What is being asked: From the records below, set down exactly the lines starting with the line that contains "under [leRHS]eq_Rintegral do rewrite mul1r." and going on through the line that contains "move=> mphi phi_lip Lf.". Nothing else is wanted.
Segment Start: Task data
Lemma L2_normr f : L2 f -> L2 (fun x => `|f x|).
Proof.
move=> Lf; apply: (L2_dominated _ _ Lf); last by move=> x; rewrite normr_id.
by apply: measurableT_comp => //; exact: L2_measurable Lf.
Qed.

Lemma L2_mul_integrable f g : L2 f -> L2 g ->
  mu.-integrable setT (EFin \o (fun x => f x * g x)).
Proof. by move=> Lf Lg; apply/Lfun1_integrable; exact: Lfun2_mul_Lfun1. Qed.

Lemma Rintegral_normrM_le f g : L2 f -> L2 g ->
  Rint setT (fun x => `|f x * g x|) <= fine 'N_2[f] * fine 'N_2[g].
Proof.
move=> Lf Lg; rewrite -lee_fin EFinM !(fineK (L2_norm_fin_num _)) //.
rewrite -integral_EFinE //; last first.
  by apply/Lfun1_integrable; apply: Lfun_norm; exact: Lfun2_mul_Lfun1.
apply: le_trans (@hoelder _ _ _ mu f g 2 2 _ _ _ _ _) => //; try exact: L2_measurable.
  rewrite Lnorm1 le_eqVlt; apply/orP; left; apply/eqP/eq_integral => x _.
  exact/esym/abse_EFin.
by rewrite [RHS]splitr !div1r.
Qed.

Lemma dist_Rintegral_mul_le w g h : L2 w -> L2 g -> L2 h ->
  `|Rint setT (fun x => w x * g x) - Rint setT (fun x => w x * h x)|
    <= fine 'N_2[w] * fine (L2dist mu g h).
Proof.
move=> Lw Lg Lh; have Lgh := L2_sub Lg Lh.
rewrite -RintegralB ?L2_mul_integrable //.
under eq_Rintegral do rewrite -mulrBr.
apply: le_trans (Rintegral_normrM_le Lw Lgh).
exact/le_normr_Rintegral/L2_mul_integrable.
Qed.

Lemma cvg_Rintegral_mul w u f : L2 w -> L2 f -> (forall n, L2 (u n)) ->
  L2dist mu (u n) f @[n --> \oo] --> 0%E ->
  Rint setT (fun x => w x * u n x) @[n --> \oo] --> Rint setT (fun x => w x * f x).
Proof.
by move=> Lw Lf Lu uf; apply: cvg_dist_le_fine uf _ => n; exact: dist_Rintegral_mul_le.
Qed.

End L2_space.

Section L2_finite_measure.
Context d (T : measurableType d) (R : realType).
Variable mu : {finite_measure set T -> \bar R}.
Local Notation L2 := (L2 mu).
Local Notation Rint := (Rintegral mu).
Local Notation "''N_2' [ f ]" := ('N[mu]_2%:E[EFin \o f])%E.

Lemma L2_integrable A f : measurable A -> L2 f -> mu.-integrable A (EFin \o f).
Proof.
move=> mA /(Lfun_subset12 (fin_num_measure _ _ measurableT)) /Lfun1_integrable.
exact: integrableS.
Qed.

Lemma L2_cst c : L2 (fun _ => c).
Proof. exact: Lfun_cst. Qed.

Lemma dist_Rintegral_lipschitz_le (phi : R -> R) A g h : measurable A ->
  (forall a b, `|phi a - phi b| <= `|a - b|) ->
  L2 g -> L2 h -> L2 (phi \o g) -> L2 (phi \o h) ->
  `|Rint A (phi \o g) - Rint A (phi \o h)|
    <= fine 'N_2[cst 1%R] * fine (L2dist mu g h).
Proof.
move=> mA phi_lip Lg Lh Lpg Lph; have Lgh := L2_sub Lg Lh.
rewrite -RintegralB ?L2_integrable //.
apply: le_trans (le_normr_Rintegral mA (L2_integrable mA (L2_sub Lpg Lph))) _.
apply: (@le_trans _ _ (Rint A (fun x => `|g x - h x|))).
  apply: le_Rintegral => //; [exact/L2_integrable/L2_normr/L2_sub|
    exact/L2_integrable/L2_normr|by move=> x _; exact: phi_lip].
apply: le_trans (Rintegral_normrM_le (L2_cst 1) Lgh).
under [leRHS]eq_Rintegral do rewrite mul1r.
by apply: le_Rintegral_subset => //; exact/L2_integrable/L2_normr.
Qed.

Lemma L2_lipschitz_comp (phi : R -> R) f : measurable_fun setT phi ->
  (forall a b, `|phi a - phi b| <= `|a - b|) -> L2 f -> L2 (phi \o f).
Proof.
move=> mphi phi_lip Lf.
apply: (L2_dominated _ _ (L2_comb 1 1 (L2_normr Lf) (L2_cst `|phi 0|))).
  by apply: measurableT_comp => //; exact: L2_measurable Lf.
move=> x; rewrite !mul1r [leRHS]ger0_norm ?addr_ge0 // -lerBlDr.
by apply: le_trans (lerB_dist _ _) _; have := phi_lip (f x) 0; rewrite subr0.
Qed.

Lemma cvg_Rintegral_lipschitz (phi : R -> R) A u f : measurable A ->
  measurable_fun setT phi -> (forall a b, `|phi a - phi b| <= `|a - b|) ->
  L2 f -> (forall n, L2 (u n)) -> L2dist mu (u n) f @[n --> \oo] --> 0%E ->
  Rint A (phi \o u n) @[n --> \oo] --> Rint A (phi \o f).
Proof.
move=> mA mphi phi_lip Lf Lu uf; apply: cvg_dist_le_fine uf _ => n.
by apply: dist_Rintegral_lipschitz_le => //; exact: L2_lipschitz_comp.
Qed.

Lemma cvg_Rintegral u f : L2 f -> (forall n, L2 (u n)) ->
  L2dist mu (u n) f @[n --> \oo] --> 0%E ->
  Rint setT (u n) @[n --> \oo] --> Rint setT f.
Proof.
move=> Lf Lu uf; have := cvg_Rintegral_mul (L2_cst 1) Lf Lu uf.
by under eq_fun do under eq_Rintegral do rewrite mul1r; under eq_Rintegral do rewrite mul1r.
Qed.

End L2_finite_measure.

Section L2_cone.
Context d (T : measurableType d) (R : realType) (mu : {measure set T -> \bar R}).
Variable C : set (T -> R).

Lemma L2cone_conic : L2subset mu C ->
  (forall u f, (forall n, C (u n)) -> L2 mu f ->
     L2dist mu (u n) f @[n --> \oo] --> 0%E -> C f) ->
  (forall s t f g, 0 <= s -> 0 <= t -> C f -> C g ->
     C (fun x => s * f x + t * g x)) ->
  C (fun _ => 0) ->
  (forall f, C f -> C (fun x => - f x) -> ae_eq mu setT f (cst 0)) ->
  L2cone mu C.
Proof.
move=> CL2 Cclosed Cconic C0 Cpointed; split => //.
- by move=> f g t Cf Cg /andP[t0 t1]; apply: Cconic; rewrite ?subr_ge0.
- move=> l f /ltW l0 Cf; have := Cconic _ _ _ _ l0 (lexx 0) Cf Cf.
  by congr C; apply/funext => x; rewrite mul0r addr0.
Qed.

End L2_cone.

Section L2_dual.
Context d (T : measurableType d) (R : realType) (mu : {measure set T -> \bar R}).
Local Notation L2 := (L2 mu).
Local Notation Rint := (Rintegral mu).
Variable C : set (T -> R).
Hypothesis CL2 : C `<=` L2.

Definition L2dual : set (T -> R) :=
  [set g | L2 g /\ forall f, C f -> (0 <= \int[mu]_x (f x * g x)%:E)%E].

Lemma L2dualE g : L2dual g <->
  L2 g /\ forall f, C f -> 0 <= Rint setT (fun x => f x * g x).
Proof.
split=> -[Lg g_ge0]; split=> // f Cf; have := g_ge0 f Cf;
  by rewrite integral_EFinE ?lee_fin //; exact: L2_mul_integrable (CL2 Cf) Lg.
Qed.

Lemma L2dual_ae_eq : L2subset mu L2dual.
Proof.
split=> [g /L2dualE[]//|g h /L2dualE[Lg g_ge0] Lh gh].
apply/L2dualE; split=> // f Cf; rewrite -(eq_Rintegral_ae measurableT _ _ (ae_eq_mul2l f gh)).
- exact: g_ge0.
- by apply: measurable_funM; apply: L2_measurable; [exact: CL2|exact: Lg].
- by apply: measurable_funM; apply: L2_measurable; [exact: CL2|exact: Lh].
Qed.

Lemma L2dual_closed u g : (forall n, L2dual (u n)) -> L2 g ->
  L2dist mu (u n) g @[n --> \oo] --> 0%E -> L2dual g.
Proof.
move=> ug Lg ugg; have Lu n : L2 (u n) by have [] := (L2dualE _).1 (ug n).
apply/L2dualE; split=> // f Cf.
apply: (cvgr_to_ge (cvg_Rintegral_mul (CL2 Cf) Lg Lu ugg)).
by apply: nearW => n; have [_] := (L2dualE _).1 (ug n); apply.
Qed.

Lemma L2dual_conic s t g h : 0 <= s -> 0 <= t -> L2dual g -> L2dual h ->
  L2dual (fun x => s * g x + t * h x).
Proof.
move=> s0 t0 /L2dualE[Lg g_ge0] /L2dualE[Lh h_ge0].
apply/L2dualE; split=> [|f Cf]; first exact: L2_comb.
under eq_Rintegral do rewrite mulrDr mulrCA [f _ * (t * _)]mulrCA.
have Lf := CL2 Cf; rewrite Rintegral_comb ?L2_mul_integrable //.
by rewrite addr_ge0 // mulr_ge0 // ?g_ge0 ?h_ge0.
Qed.

Lemma L2dual0 : L2dual (fun _ => 0).
Proof.
apply/L2dualE; split=> [|f _]; first exact: L2_0.
by apply: Rintegral_ge0 => x _; rewrite mulr0.
Qed.

Hypothesis C_total : forall g, L2 g ->
  (forall f, C f -> Rint setT (fun x => f x * g x) = 0) -> ae_eq mu setT g (cst 0).

Lemma L2dual_pointed g : L2dual g -> L2dual (fun x => - g x) ->
  ae_eq mu setT g (cst 0).
Proof.
move=> /L2dualE[Lg g_ge0] /L2dualE[_ Ng_ge0]; apply: C_total => // f Cf.
apply/eqP; rewrite eq_le g_ge0 // andbT -oppr_ge0 -RintegralN //.
  by under eq_Rintegral do rewrite -mulrN; exact: Ng_ge0.
exact: L2_mul_integrable (CL2 Cf) Lg.
Qed.

Lemma L2dual_cone : L2cone mu L2dual.
Proof.
apply: L2cone_conic; [exact: L2dual_ae_eq|exact: L2dual_closed|exact: L2dual_conic|
  exact: L2dual0|exact: L2dual_pointed].
Qed.

End L2_dual.

Section positive_part.
Context {R : realType}.

Definition pos_part (a : R) := Num.max a 0.
Definition neg_part (a : R) := pos_part (- a).

Lemma pos_part_ge0 a : 0 <= pos_part a.
Proof. by rewrite /pos_part le_max lexx orbT. Qed.

Lemma measurable_pos_part : measurable_fun setT pos_part.
Proof. exact: measurable_maxr. Qed.

Lemma pos_part_lipschitz a b : `|pos_part a - pos_part b| <= `|a - b|.
Proof.
have [ab ba] : a - b <= `|a - b| /\ b - a <= `|a - b|.
  by rewrite ler_norm distrC ler_norm.
rewrite /pos_part !maxEle; case: (leP a 0); case: (leP b 0) => *;
  apply/ler_normlP; split; lra.
Qed.

Lemma pos_partD_le a b : pos_part (a + b) <= pos_part a + pos_part b.
Proof.
rewrite /pos_part !maxEle.
by case: (leP a 0) => ?; case: (leP b 0) => ?; case: (leP (a + b) 0) => ?; lra.
Qed.

Lemma pos_partZ l a : 0 <= l -> pos_part (l * a) = l * pos_part a.
Proof. by move=> l0; rewrite /pos_part maxr_pMr // mulr0. Qed.

Lemma pos_part_eq0 a : (pos_part a == 0) = (a <= 0).
Proof. by rewrite /pos_part maxEle; case: leP => [_|a_gt0]; rewrite ?eqxx ?gt_eqF. Qed.

Lemma neg_part_eq0 a : (neg_part a == 0) = (0 <= a).
Proof. by rewrite /neg_part pos_part_eq0 oppr_le0. Qed.

Lemma pos_part_norm_le a : `|pos_part a| <= `|a|.
Proof. by have := pos_part_lipschitz a 0; rewrite {2}/pos_part maxxx !subr0. Qed.

Lemma pos_part_id a : 0 <= a -> pos_part a = a.
Proof. by move=> a0; rewrite /pos_part max_l. Qed.

Lemma pos_part_mul_ge0 a : 0 <= pos_part a * a.
Proof.
by rewrite /pos_part maxEle; case: (leP a 0) => [|/ltW a0]; rewrite ?mul0r ?mulr_ge0.
Qed.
Segment End: Task data
Completed exercise:
under [leRHS]eq_Rintegral do rewrite mul1r.
by apply: le_Rintegral_subset => //; exact/L2_integrable/L2_normr.
Qed.

Lemma L2_lipschitz_comp (phi : R -> R) f : measurable_fun setT phi ->
  (forall a b, `|phi a - phi b| <= `|a - b|) -> L2 f -> L2 (phi \o f).
Proof.
move=> mphi phi_lip Lf.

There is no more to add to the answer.